__Exercise directions__
Scan the data below and copy each line where "destruct" occurs.

(Dataset entries)
(* Let $m$ be a positive integer and $h$ a positive integer, and assume that the ternary (base-3) expansion of $4^m$ contains no block of $h$ consecutive digits all equal to $0$, and no block of $h$ consecutive digits all equal to $2$. Then the inequality $$\biggl\|\biggl(\frac43\biggr)^k\biggr\| \ge \biggl(\frac49\biggr)^k$$ holds for all integers $k$ satisfying $$m\,\frac{\log 4}{\log 9} + \frac h2 \le k \le m,$$ where $\|x\|$ denotes the distance from the real number $x$ to the nearest integer.
   Context: $\|x\| = \min_{n\in\mathbb Z}|x-n|$ for real $x$. The ternary expansion is the standard base-3 representation of the positive integer $4^m$ (with digits in $\{0,1,2\}$, no leading zeros beyond the representation). *)

From Stdlib Require Import Reals Lra Lia List Arith.
Open Scope R_scope.

Definition dist_int (x : R) : R :=
  Rmin (x - IZR (Int_part x)) (IZR (Int_part x) + 1 - x).

(* Little-endian base-3 digits of n (empty for n = 0); fuel = n suffices. *)
Fixpoint tern_aux (fuel n : nat) : list nat :=
  match fuel with
  | O => nil
  | S f => match n with
           | O => nil
           | _ => (n mod 3)%nat :: tern_aux f (n / 3)%nat
           end
  end.

Definition ternary_digits (n : nat) : list nat := tern_aux n n.

Definition has_block (ds : list nat) (h d : nat) : Prop :=
  exists i : nat, (i + h <= length ds)%nat /\
    forall j : nat, (j < h)%nat -> nth (i + j) ds 0%nat = d.

(* If (4/3)^k is within (4/9)^k of an integer M, then 4^k = M 3^k + E with
   |E| 3^k < 4^k.  Multiplying by 4^(m-k) gives 4^m = 3^k q + D with
   |D| 3^k < 4^m <= 9^k / 3^h (the lower bound on k), i.e. |D| < 3^(k-h).
   So 4^m mod 3^k is either below 3^(k-h) or within 3^(k-h) of 3^k: the
   ternary digits of 4^m in positions k-h, ..., k-1 are then all 0 or all 2. *)

From Stdlib Require Import Reals Lra Lia Arith ZArith List.
Open Scope R_scope.

Definition digit3 (n i : nat) : nat := ((n / 3 ^ i) mod 3)%nat.

Lemma pow3_pos (n : nat) : (1 <= 3 ^ n)%nat.
Proof. pose proof (Nat.pow_nonzero 3 n). lia. Qed.

Lemma pow_split (b k m : nat) : (k <= m)%nat -> (b ^ m = b ^ k * b ^ (m - k))%nat.
Proof. intro Hkm. rewrite <- Nat.pow_add_r. f_equal. lia. Qed.

Lemma nth_tern_aux (f n j : nat) : (n <= f)%nat ->
  nth j (tern_aux f n) 0%nat = digit3 n j.
Proof.
  unfold digit3; revert n j; induction f as [|f IH]; intros n j Hn.
  - replace n with 0%nat by lia. rewrite Nat.Div0.div_0_l. now destruct j.
  - destruct n as [|n']; [rewrite Nat.Div0.div_0_l; now destruct j|].
    destruct j as [|j]; cbn [tern_aux nth].
    + now rewrite Nat.pow_0_r, Nat.div_1_r.
    + rewrite IH, Nat.Div0.div_div; [reflexivity|].
      assert (S n' / 3 < S n')%nat by (apply Nat.div_lt; lia). lia.
Qed.

Lemma lt_length_tern_aux (f n j : nat) : (n <= f)%nat -> (3 ^ j <= n)%nat ->
  (j < length (tern_aux f n))%nat.
Proof.
  revert n j; induction f as [|f IH]; intros n j Hn Hj.
  - pose proof (pow3_pos j). lia.
  - destruct n as [|n']; [pose proof (pow3_pos j); lia|].
    destruct j as [|j]; cbn [tern_aux length]; [lia|].
    apply -> Nat.succ_lt_mono. apply IH.
    + assert (S n' / 3 < S n')%nat by (apply Nat.div_lt; lia). lia.
    + apply Nat.div_le_lower_bound; [lia|]. now rewrite <- Nat.pow_succ_r'.
Qed.

Lemma nth_ternary_digits (n j : nat) :
  nth j (ternary_digits n) 0%nat = digit3 n j.
Proof. exact (nth_tern_aux n n j (le_n n)). Qed.

Lemma lt_length_ternary_digits (n j : nat) : (3 ^ j <= n)%nat ->
  (j < length (ternary_digits n))%nat.
Proof. exact (lt_length_tern_aux n n j (le_n n)). Qed.

Lemma digit3_mod_pow3 (n k i : nat) : (i < k)%nat ->
  digit3 (n mod 3 ^ k) i = digit3 n i.
Proof.
  intro Hik; unfold digit3.
  assert (Hk : (3 ^ k = 3 * 3 ^ (k - i - 1) * 3 ^ i)%nat).
  { rewrite <- Nat.pow_succ_r', <- Nat.pow_add_r. f_equal. lia. }
  assert (Hn : n = (n mod 3 ^ k + (3 * 3 ^ (k - i - 1) * (n / 3 ^ k)) * 3 ^ i)%nat).
  { rewrite (Nat.div_mod_eq n (3 ^ k)) at 1. rewrite Hk. ring. }
  symmetry. rewrite Hn at 1. rewrite Nat.div_add by (pose proof (pow3_pos i); lia).
  now rewrite <- !Nat.mul_assoc, (Nat.mul_comm 3), Nat.Div0.mod_add.
Qed.

Lemma has_block_of_digits (n k h d : nat) : (h <= k)%nat -> (3 ^ (k - 1) <= n)%nat ->
  (forall i, (k - h <= i < k)%nat -> digit3 n i = d) ->
  has_block (ternary_digits n) h d.
Proof.
  intros Hhk Hn Hd. exists (k - h)%nat; split.
  - pose proof (lt_length_ternary_digits n (k - 1) Hn). lia.
  - intros j Hj. rewrite nth_ternary_digits. apply Hd. lia.
Qed.

Lemma digit3_small (r i : nat) : (r < 3 ^ i)%nat -> digit3 r i = 0%nat.
Proof. intro Hr. unfold digit3. now rewrite Nat.div_small. Qed.

Lemma digit3_large (r k i : nat) : (i < k)%nat ->
  (3 ^ k <= r + 3 ^ i)%nat -> (r < 3 ^ k)%nat -> digit3 r i = 2%nat.
Proof.
  intros Hik Hlo Hhi; unfold digit3.
  assert (Hk : (3 ^ k = 3 ^ i * (3 * 3 ^ (k - i - 1)))%nat).
  { rewrite <- Nat.pow_succ_r', <- Nat.pow_add_r. f_equal. lia. }
  pose proof (pow3_pos i). pose proof (pow3_pos (k - i - 1)).
  assert (Hq : (r / 3 ^ i = 3 * 3 ^ (k - i - 1) - 1)%nat).
  { symmetry. apply (Nat.div_unique _ _ _ (r - 3 ^ i * (3 * 3 ^ (k - i - 1) - 1))); nia. }
  rewrite Hq. symmetry. apply (Nat.mod_unique _ _ (3 ^ (k - i - 1) - 1)); lia.
Qed.

Lemma has_zero_block_of_mod_lt (n k h : nat) : (h <= k)%nat -> (3 ^ (k - 1) <= n)%nat ->
  (n mod 3 ^ k < 3 ^ (k - h))%nat -> has_block (ternary_digits n) h 0.
Proof.
  intros Hhk Hn Hr. apply (has_block_of_digits n k); [exact Hhk|exact Hn|].
  intros i Hi. rewrite <- (digit3_mod_pow3 n k i) by lia. apply digit3_small.
  pose proof (Nat.pow_le_mono_r 3 (k - h) i ltac:(lia) ltac:(lia)). lia.
Qed.

Lemma has_two_block_of_mod_ge (n k h : nat) : (h <= k)%nat -> (3 ^ (k - 1) <= n)%nat ->
  (3 ^ k <= n mod 3 ^ k + 3 ^ (k - h))%nat -> has_block (ternary_digits n) h 2.
Proof.
  intros Hhk Hn Hr. apply (has_block_of_digits n k); [exact Hhk|exact Hn|].
  intros i Hi. rewrite <- (digit3_mod_pow3 n k i) by lia. apply (digit3_large _ k); [lia| |].
  - pose proof (Nat.pow_le_mono_r 3 (k - h) i ltac:(lia) ltac:(lia)). lia.
  - apply Nat.mod_upper_bound. pose proof (pow3_pos k). lia.
Qed.

Lemma mod_near_multiple (n b s : nat) (q D : Z) : (s <= b)%nat ->
  Z.of_nat n = (Z.of_nat b * q + D)%Z -> (Z.abs D < Z.of_nat s)%Z ->
  (n mod b < s)%nat \/ (b <= n mod b + s)%nat.
Proof.
  intros Hsb Hn HD.
  assert (Hb : (0 < b)%nat) by lia.
  assert (Hmod : Z.of_nat (n mod b) = (Z.of_nat n mod Z.of_nat b)%Z) by apply Nat2Z.inj_mod.
  destruct (Z_le_gt_dec 0 D) as [Dp|Dn].
  - rewrite <- (Z.mod_unique _ _ q D) in Hmod; lia.
  - rewrite <- (Z.mod_unique _ _ (q - 1) (D + Z.of_nat b)) in Hmod; lia.
Qed.

Lemma dist_int_lt_near_integer (x e : R) : dist_int x < e ->
  exists M : Z, Rabs (x - IZR M) < e.
Proof.
  unfold dist_int, Rmin. destruct (base_Int_part x) as [B1 B2].
  destruct (Rle_dec _ _); intro H.
  - exists (Int_part x). rewrite Rabs_right; lra.
  - exists (Int_part x + 1)%Z. rewrite plus_IZR, Rabs_left1; lra.
Qed.

Lemma near_integer_pow_4_3 (k : nat) (M : Z) : Rabs ((4 / 3) ^ k - IZR M) < (4 / 9) ^ k ->
  (Z.abs (Z.of_nat (4 ^ k) - M * Z.of_nat (3 ^ k)) * Z.of_nat (3 ^ k) < Z.of_nat (4 ^ k))%Z.
Proof.
  intro H. apply lt_IZR.
  rewrite mult_IZR, abs_IZR, minus_IZR, mult_IZR, <- !INR_IZR_INZ, !pow_INR.
  replace (INR 4) with 4 by (simpl; lra). replace (INR 3) with 3 by (simpl; lra).
  assert (P3 : 0 < 3 ^ k) by (apply pow_lt; lra).
  assert (E1 : 4 ^ k - IZR M * 3 ^ k = ((4 / 3) ^ k - IZR M) * 3 ^ k).
  { rewrite Rmult_minus_distr_r, <- Rpow_mult_distr. do 2 f_equal. field. }
  assert (E2 : 4 ^ k = (4 / 9) ^ k * 3 ^ k * 3 ^ k).
  { rewrite <- !Rpow_mult_distr. f_equal. field. }
  rewrite E1, Rabs_mult, (Rabs_right (3 ^ k)), E2 at 1 by lra.
  apply Rmult_lt_compat_r; [lra|]. apply Rmult_lt_compat_r; lra.
Qed.

Lemma pow_le_of_ln_bound (m h k : nat) :
  INR m * (ln 4 / ln 9) + INR h / 2 <= INR k -> (4 ^ m * 3 ^ h <= 3 ^ k * 3 ^ k)%nat.
Proof.
  intro H.
  assert (H9 : ln 9 = 2 * ln 3) by (replace 9 with (3 * 3) by lra; rewrite ln_mult; lra).
  assert (H3 : 0 < ln 3) by (rewrite <- ln_1; apply ln_increasing; lra).
  assert (Hln : INR m * ln 4 + INR h * ln 3 <= INR k * ln 9).
  { rewrite H9 in H |- *.
    assert (INR m * (ln 4 / (2 * ln 3)) * (2 * ln 3) = INR m * ln 4) by (field; lra).
    nra. }
  apply INR_le. rewrite !mult_INR, !pow_INR.
  replace (INR 4) with 4 by (simpl; lra). replace (INR 3) with 3 by (simpl; lra).
  rewrite <- Rpow_mult_distr. replace (3 * 3) with 9 by lra.
  apply Rnot_lt_le. intro Hlt. apply ln_increasing in Hlt; [|apply pow_lt; lra].
  rewrite ln_mult, !ln_pow in Hlt by (try apply pow_lt; lra). lra.
Qed.

Lemma pow3_le_pow4 (k m : nat) : (k <= m)%nat -> (3 ^ k <= 4 ^ m)%nat.
Proof.
  intro Hkm. apply (Nat.le_trans _ (4 ^ k)).
  - apply Nat.pow_le_mono_l. lia.
  - apply Nat.pow_le_mono_r; lia.
Qed.

Section Rescaling.

Variables (m h k : nat).
Hypothesis Hkm : (k <= m)%nat.
Hypothesis Hpow : (4 ^ m * 3 ^ h <= 3 ^ k * 3 ^ k)%nat.

Lemma h_le_k : (h <= k)%nat.
Proof.
  pose proof (pow3_le_pow4 k m Hkm). pose proof (pow3_pos k).
  apply (Nat.pow_le_mono_r_iff 3); [lia|]. nia.
Qed.

Lemma rescaled_error_lt (E : Z) :
  (Z.abs E * Z.of_nat (3 ^ k) < Z.of_nat (4 ^ k))%Z ->
  (Z.abs (E * Z.of_nat (4 ^ (m - k))) < Z.of_nat (3 ^ (k - h)))%Z.
Proof.
  intro HE.
  assert (Hsplit3 : (3 ^ k = 3 ^ (k - h) * 3 ^ h)%nat).
  { rewrite Nat.mul_comm. apply pow_split, h_le_k. }
  rewrite (pow_split 4 k m Hkm), Hsplit3 in Hpow. rewrite Hsplit3 in HE.
  rewrite Z.abs_mul, (Z.abs_eq (Z.of_nat _)) by lia.
  pose proof (pow3_pos h). pose proof (pow3_pos (k - h)).
  pose proof (Nat.pow_nonzero 4 (m - k) ltac:(lia)).
  set (a := (4 ^ k)%nat) in *. set (c := (4 ^ (m - k))%nat) in *.
  set (s := (3 ^ (k - h))%nat) in *. set (t := (3 ^ h)%nat) in *.
  assert (Hc : (Z.abs E * Z.of_nat c * (Z.of_nat s * Z.of_nat t) * Z.of_nat t
                < Z.of_nat s * (Z.of_nat s * Z.of_nat t) * Z.of_nat t)%Z) by nia.
  nia.
Qed.

End Rescaling.

Theorem lemma1 (m h : nat) :
  (0 < m)%nat -> (0 < h)%nat ->
  ~ has_block (ternary_digits (4 ^ m)) h 0 ->
  ~ has_block (ternary_digits (4 ^ m)) h 2 ->
  forall k : nat,
    INR m * (ln 4 / ln 9) + INR h / 2 <= INR k ->
    (k <= m)%nat ->
    dist_int ((4 / 3) ^ k) >= (4 / 9) ^ k.
Proof.
  intros _ _ Hno0 Hno2 k Hk Hkm.
  apply Rnot_lt_ge; intro Hnear.
  destruct (dist_int_lt_near_integer _ _ Hnear) as [M HM].
  pose proof (pow_le_of_ln_bound m h k Hk) as Hpow.
  pose proof (h_le_k m h k Hkm Hpow) as Hhk.
  assert (Hlen : (3 ^ (k - 1) <= 4 ^ m)%nat).
  { pose proof (pow3_le_pow4 k m Hkm).
    pose proof (Nat.pow_le_mono_r 3 (k - 1) k ltac:(lia) ltac:(lia)). lia. }
  set (E := (Z.of_nat (4 ^ k) - M * Z.of_nat (3 ^ k))%Z).
  destruct (mod_near_multiple (4 ^ m) (3 ^ k) (3 ^ (k - h))
              (M * Z.of_nat (4 ^ (m - k))) (E * Z.of_nat (4 ^ (m - k)))).
  - apply Nat.pow_le_mono_r; lia.
  - rewrite (pow_split 4 k m Hkm), Nat2Z.inj_mul. unfold E. ring.
  - exact (rescaled_error_lt m h k Hkm Hpow E (near_integer_pow_4_3 k M HM)).
  - now apply Hno0, (has_zero_block_of_mod_lt _ k).
  - now apply Hno2, (has_two_block_of_mod_ge _ k).
Qed.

__Solved exercise__
  - replace n with 0%nat by lia. rewrite Nat.Div0.div_0_l. now destruct j.
  - destruct n as [|n']; [rewrite Nat.Div0.div_0_l; now destruct j|].
    destruct j as [|j]; cbn [tern_aux nth].
  - destruct n as [|n']; [pose proof (pow3_pos j); lia|].
    destruct j as [|j]; cbn [tern_aux length]; [lia|].
  destruct (Z_le_gt_dec 0 D) as [Dp|Dn].
  unfold dist_int, Rmin. destruct (base_Int_part x) as [B1 B2].
  destruct (Rle_dec _ _); intro H.
  destruct (dist_int_lt_near_integer _ _ Hnear) as [M HM].
  destruct (mod_near_multiple (4 ^ m) (3 ^ k) (3 ^ (k - h))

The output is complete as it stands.